• EXERCISE PROMPT: Print the whole listing, character for character.
Start of Block
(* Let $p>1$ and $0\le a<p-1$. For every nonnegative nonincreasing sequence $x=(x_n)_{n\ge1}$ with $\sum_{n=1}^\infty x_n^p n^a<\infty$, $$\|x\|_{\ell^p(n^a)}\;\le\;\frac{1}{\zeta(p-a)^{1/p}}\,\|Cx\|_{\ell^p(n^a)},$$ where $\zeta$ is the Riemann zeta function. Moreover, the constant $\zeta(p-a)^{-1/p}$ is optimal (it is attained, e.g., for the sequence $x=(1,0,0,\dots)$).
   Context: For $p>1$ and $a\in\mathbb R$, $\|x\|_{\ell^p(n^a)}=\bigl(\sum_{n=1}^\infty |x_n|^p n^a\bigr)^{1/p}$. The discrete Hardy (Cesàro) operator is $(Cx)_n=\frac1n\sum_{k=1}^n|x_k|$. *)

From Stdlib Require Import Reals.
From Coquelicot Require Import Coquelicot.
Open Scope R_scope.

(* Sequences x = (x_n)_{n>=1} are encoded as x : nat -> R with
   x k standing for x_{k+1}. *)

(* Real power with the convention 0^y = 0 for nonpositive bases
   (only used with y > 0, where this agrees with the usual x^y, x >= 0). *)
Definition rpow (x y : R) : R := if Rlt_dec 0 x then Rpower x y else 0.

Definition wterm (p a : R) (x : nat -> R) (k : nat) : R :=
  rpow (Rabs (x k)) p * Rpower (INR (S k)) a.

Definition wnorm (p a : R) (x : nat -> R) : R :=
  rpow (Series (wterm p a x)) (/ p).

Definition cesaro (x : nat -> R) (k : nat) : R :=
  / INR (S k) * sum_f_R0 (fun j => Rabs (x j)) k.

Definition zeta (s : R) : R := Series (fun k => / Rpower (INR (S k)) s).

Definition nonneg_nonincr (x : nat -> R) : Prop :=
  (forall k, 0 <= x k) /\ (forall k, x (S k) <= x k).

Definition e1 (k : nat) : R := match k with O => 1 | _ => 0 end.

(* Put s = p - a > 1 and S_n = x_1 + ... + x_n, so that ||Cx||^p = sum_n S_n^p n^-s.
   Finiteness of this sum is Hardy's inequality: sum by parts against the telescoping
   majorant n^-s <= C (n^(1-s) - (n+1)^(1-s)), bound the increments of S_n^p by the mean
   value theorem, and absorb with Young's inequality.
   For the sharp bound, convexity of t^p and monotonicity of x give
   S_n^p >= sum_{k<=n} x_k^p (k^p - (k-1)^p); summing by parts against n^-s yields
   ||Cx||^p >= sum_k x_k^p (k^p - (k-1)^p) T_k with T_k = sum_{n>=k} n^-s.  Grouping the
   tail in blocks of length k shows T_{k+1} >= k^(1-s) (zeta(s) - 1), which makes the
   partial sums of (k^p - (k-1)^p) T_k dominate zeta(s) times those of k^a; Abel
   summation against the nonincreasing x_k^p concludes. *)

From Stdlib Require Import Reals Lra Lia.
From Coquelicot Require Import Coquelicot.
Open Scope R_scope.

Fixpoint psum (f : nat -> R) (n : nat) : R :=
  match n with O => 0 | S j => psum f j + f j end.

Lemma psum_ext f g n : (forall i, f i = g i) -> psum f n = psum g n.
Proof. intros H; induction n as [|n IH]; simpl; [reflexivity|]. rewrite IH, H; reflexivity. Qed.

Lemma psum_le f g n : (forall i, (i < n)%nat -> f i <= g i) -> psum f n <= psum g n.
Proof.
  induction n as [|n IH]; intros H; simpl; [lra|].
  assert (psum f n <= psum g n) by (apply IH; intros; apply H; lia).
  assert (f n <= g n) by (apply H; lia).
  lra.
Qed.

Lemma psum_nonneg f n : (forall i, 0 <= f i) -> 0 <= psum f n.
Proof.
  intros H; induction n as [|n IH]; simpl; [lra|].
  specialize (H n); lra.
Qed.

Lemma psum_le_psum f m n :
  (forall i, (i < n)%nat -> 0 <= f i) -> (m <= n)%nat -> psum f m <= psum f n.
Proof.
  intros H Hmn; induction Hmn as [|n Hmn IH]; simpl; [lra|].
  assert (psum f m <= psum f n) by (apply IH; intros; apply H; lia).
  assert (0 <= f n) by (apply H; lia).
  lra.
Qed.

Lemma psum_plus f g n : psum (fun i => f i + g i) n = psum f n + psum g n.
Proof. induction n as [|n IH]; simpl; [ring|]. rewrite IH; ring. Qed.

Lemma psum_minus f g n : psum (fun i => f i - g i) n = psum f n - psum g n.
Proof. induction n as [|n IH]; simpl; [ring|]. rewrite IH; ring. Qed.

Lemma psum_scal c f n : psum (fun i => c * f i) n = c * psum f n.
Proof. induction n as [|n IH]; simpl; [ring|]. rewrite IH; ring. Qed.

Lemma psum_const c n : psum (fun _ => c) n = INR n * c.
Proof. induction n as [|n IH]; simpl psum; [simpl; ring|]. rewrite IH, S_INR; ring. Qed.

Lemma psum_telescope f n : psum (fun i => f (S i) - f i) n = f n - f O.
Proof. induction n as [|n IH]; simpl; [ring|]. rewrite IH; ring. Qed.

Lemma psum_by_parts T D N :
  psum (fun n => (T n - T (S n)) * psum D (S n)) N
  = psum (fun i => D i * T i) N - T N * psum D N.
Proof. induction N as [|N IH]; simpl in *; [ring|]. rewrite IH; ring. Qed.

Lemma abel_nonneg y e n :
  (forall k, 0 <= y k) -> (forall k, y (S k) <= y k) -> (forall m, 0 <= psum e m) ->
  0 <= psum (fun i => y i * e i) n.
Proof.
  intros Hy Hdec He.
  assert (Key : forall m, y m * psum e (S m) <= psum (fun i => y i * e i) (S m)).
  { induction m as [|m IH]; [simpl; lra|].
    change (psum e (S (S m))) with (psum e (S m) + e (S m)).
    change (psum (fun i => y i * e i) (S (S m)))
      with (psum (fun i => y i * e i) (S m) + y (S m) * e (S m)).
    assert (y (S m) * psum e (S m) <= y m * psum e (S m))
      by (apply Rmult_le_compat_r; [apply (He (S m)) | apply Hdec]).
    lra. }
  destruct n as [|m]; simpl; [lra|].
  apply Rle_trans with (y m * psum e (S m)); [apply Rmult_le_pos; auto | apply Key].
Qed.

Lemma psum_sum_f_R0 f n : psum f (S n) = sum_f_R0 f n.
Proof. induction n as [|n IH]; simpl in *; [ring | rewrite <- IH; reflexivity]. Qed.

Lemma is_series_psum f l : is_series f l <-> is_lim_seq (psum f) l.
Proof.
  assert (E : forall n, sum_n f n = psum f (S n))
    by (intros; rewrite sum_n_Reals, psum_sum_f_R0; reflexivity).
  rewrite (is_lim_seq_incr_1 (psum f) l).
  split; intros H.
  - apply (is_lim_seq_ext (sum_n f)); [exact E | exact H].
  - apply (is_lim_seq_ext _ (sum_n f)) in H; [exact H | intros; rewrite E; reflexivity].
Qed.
End of Block
• ANSWER BOX:
(* Let $p>1$ and $0\le a<p-1$. For every nonnegative nonincreasing sequence $x=(x_n)_{n\ge1}$ with $\sum_{n=1}^\infty x_n^p n^a<\infty$, $$\|x\|_{\ell^p(n^a)}\;\le\;\frac{1}{\zeta(p-a)^{1/p}}\,\|Cx\|_{\ell^p(n^a)},$$ where $\zeta$ is the Riemann zeta function. Moreover, the constant $\zeta(p-a)^{-1/p}$ is optimal (it is attained, e.g., for the sequence $x=(1,0,0,\dots)$).
   Context: For $p>1$ and $a\in\mathbb R$, $\|x\|_{\ell^p(n^a)}=\bigl(\sum_{n=1}^\infty |x_n|^p n^a\bigr)^{1/p}$. The discrete Hardy (Cesàro) operator is $(Cx)_n=\frac1n\sum_{k=1}^n|x_k|$. *)

From Stdlib Require Import Reals.
From Coquelicot Require Import Coquelicot.
Open Scope R_scope.

(* Sequences x = (x_n)_{n>=1} are encoded as x : nat -> R with
   x k standing for x_{k+1}. *)

(* Real power with the convention 0^y = 0 for nonpositive bases
   (only used with y > 0, where this agrees with the usual x^y, x >= 0). *)
Definition rpow (x y : R) : R := if Rlt_dec 0 x then Rpower x y else 0.

Definition wterm (p a : R) (x : nat -> R) (k : nat) : R :=
  rpow (Rabs (x k)) p * Rpower (INR (S k)) a.

Definition wnorm (p a : R) (x : nat -> R) : R :=
  rpow (Series (wterm p a x)) (/ p).

Definition cesaro (x : nat -> R) (k : nat) : R :=
  / INR (S k) * sum_f_R0 (fun j => Rabs (x j)) k.

Definition zeta (s : R) : R := Series (fun k => / Rpower (INR (S k)) s).

Definition nonneg_nonincr (x : nat -> R) : Prop :=
  (forall k, 0 <= x k) /\ (forall k, x (S k) <= x k).

Definition e1 (k : nat) : R := match k with O => 1 | _ => 0 end.

(* Put s = p - a > 1 and S_n = x_1 + ... + x_n, so that ||Cx||^p = sum_n S_n^p n^-s.
   Finiteness of this sum is Hardy's inequality: sum by parts against the telescoping
   majorant n^-s <= C (n^(1-s) - (n+1)^(1-s)), bound the increments of S_n^p by the mean
   value theorem, and absorb with Young's inequality.
   For the sharp bound, convexity of t^p and monotonicity of x give
   S_n^p >= sum_{k<=n} x_k^p (k^p - (k-1)^p); summing by parts against n^-s yields
   ||Cx||^p >= sum_k x_k^p (k^p - (k-1)^p) T_k with T_k = sum_{n>=k} n^-s.  Grouping the
   tail in blocks of length k shows T_{k+1} >= k^(1-s) (zeta(s) - 1), which makes the
   partial sums of (k^p - (k-1)^p) T_k dominate zeta(s) times those of k^a; Abel
   summation against the nonincreasing x_k^p concludes. *)

From Stdlib Require Import Reals Lra Lia.
From Coquelicot Require Import Coquelicot.
Open Scope R_scope.

Fixpoint psum (f : nat -> R) (n : nat) : R :=
  match n with O => 0 | S j => psum f j + f j end.

Lemma psum_ext f g n : (forall i, f i = g i) -> psum f n = psum g n.
Proof. intros H; induction n as [|n IH]; simpl; [reflexivity|]. rewrite IH, H; reflexivity. Qed.

Lemma psum_le f g n : (forall i, (i < n)%nat -> f i <= g i) -> psum f n <= psum g n.
Proof.
  induction n as [|n IH]; intros H; simpl; [lra|].
  assert (psum f n <= psum g n) by (apply IH; intros; apply H; lia).
  assert (f n <= g n) by (apply H; lia).
  lra.
Qed.

Lemma psum_nonneg f n : (forall i, 0 <= f i) -> 0 <= psum f n.
Proof.
  intros H; induction n as [|n IH]; simpl; [lra|].
  specialize (H n); lra.
Qed.

Lemma psum_le_psum f m n :
  (forall i, (i < n)%nat -> 0 <= f i) -> (m <= n)%nat -> psum f m <= psum f n.
Proof.
  intros H Hmn; induction Hmn as [|n Hmn IH]; simpl; [lra|].
  assert (psum f m <= psum f n) by (apply IH; intros; apply H; lia).
  assert (0 <= f n) by (apply H; lia).
  lra.
Qed.

Lemma psum_plus f g n : psum (fun i => f i + g i) n = psum f n + psum g n.
Proof. induction n as [|n IH]; simpl; [ring|]. rewrite IH; ring. Qed.

Lemma psum_minus f g n : psum (fun i => f i - g i) n = psum f n - psum g n.
Proof. induction n as [|n IH]; simpl; [ring|]. rewrite IH; ring. Qed.

Lemma psum_scal c f n : psum (fun i => c * f i) n = c * psum f n.
Proof. induction n as [|n IH]; simpl; [ring|]. rewrite IH; ring. Qed.

Lemma psum_const c n : psum (fun _ => c) n = INR n * c.
Proof. induction n as [|n IH]; simpl psum; [simpl; ring|]. rewrite IH, S_INR; ring. Qed.

Lemma psum_telescope f n : psum (fun i => f (S i) - f i) n = f n - f O.
Proof. induction n as [|n IH]; simpl; [ring|]. rewrite IH; ring. Qed.

Lemma psum_by_parts T D N :
  psum (fun n => (T n - T (S n)) * psum D (S n)) N
  = psum (fun i => D i * T i) N - T N * psum D N.
Proof. induction N as [|N IH]; simpl in *; [ring|]. rewrite IH; ring. Qed.

Lemma abel_nonneg y e n :
  (forall k, 0 <= y k) -> (forall k, y (S k) <= y k) -> (forall m, 0 <= psum e m) ->
  0 <= psum (fun i => y i * e i) n.
Proof.
  intros Hy Hdec He.
  assert (Key : forall m, y m * psum e (S m) <= psum (fun i => y i * e i) (S m)).
  { induction m as [|m IH]; [simpl; lra|].
    change (psum e (S (S m))) with (psum e (S m) + e (S m)).
    change (psum (fun i => y i * e i) (S (S m)))
      with (psum (fun i => y i * e i) (S m) + y (S m) * e (S m)).
    assert (y (S m) * psum e (S m) <= y m * psum e (S m))
      by (apply Rmult_le_compat_r; [apply (He (S m)) | apply Hdec]).
    lra. }
  destruct n as [|m]; simpl; [lra|].
  apply Rle_trans with (y m * psum e (S m)); [apply Rmult_le_pos; auto | apply Key].
Qed.

Lemma psum_sum_f_R0 f n : psum f (S n) = sum_f_R0 f n.
Proof. induction n as [|n IH]; simpl in *; [ring | rewrite <- IH; reflexivity]. Qed.

Lemma is_series_psum f l : is_series f l <-> is_lim_seq (psum f) l.
Proof.
  assert (E : forall n, sum_n f n = psum f (S n))
    by (intros; rewrite sum_n_Reals, psum_sum_f_R0; reflexivity).
  rewrite (is_lim_seq_incr_1 (psum f) l).
  split; intros H.
  - apply (is_lim_seq_ext (sum_n f)); [exact E | exact H].
  - apply (is_lim_seq_ext _ (sum_n f)) in H; [exact H | intros; rewrite E; reflexivity].
Qed.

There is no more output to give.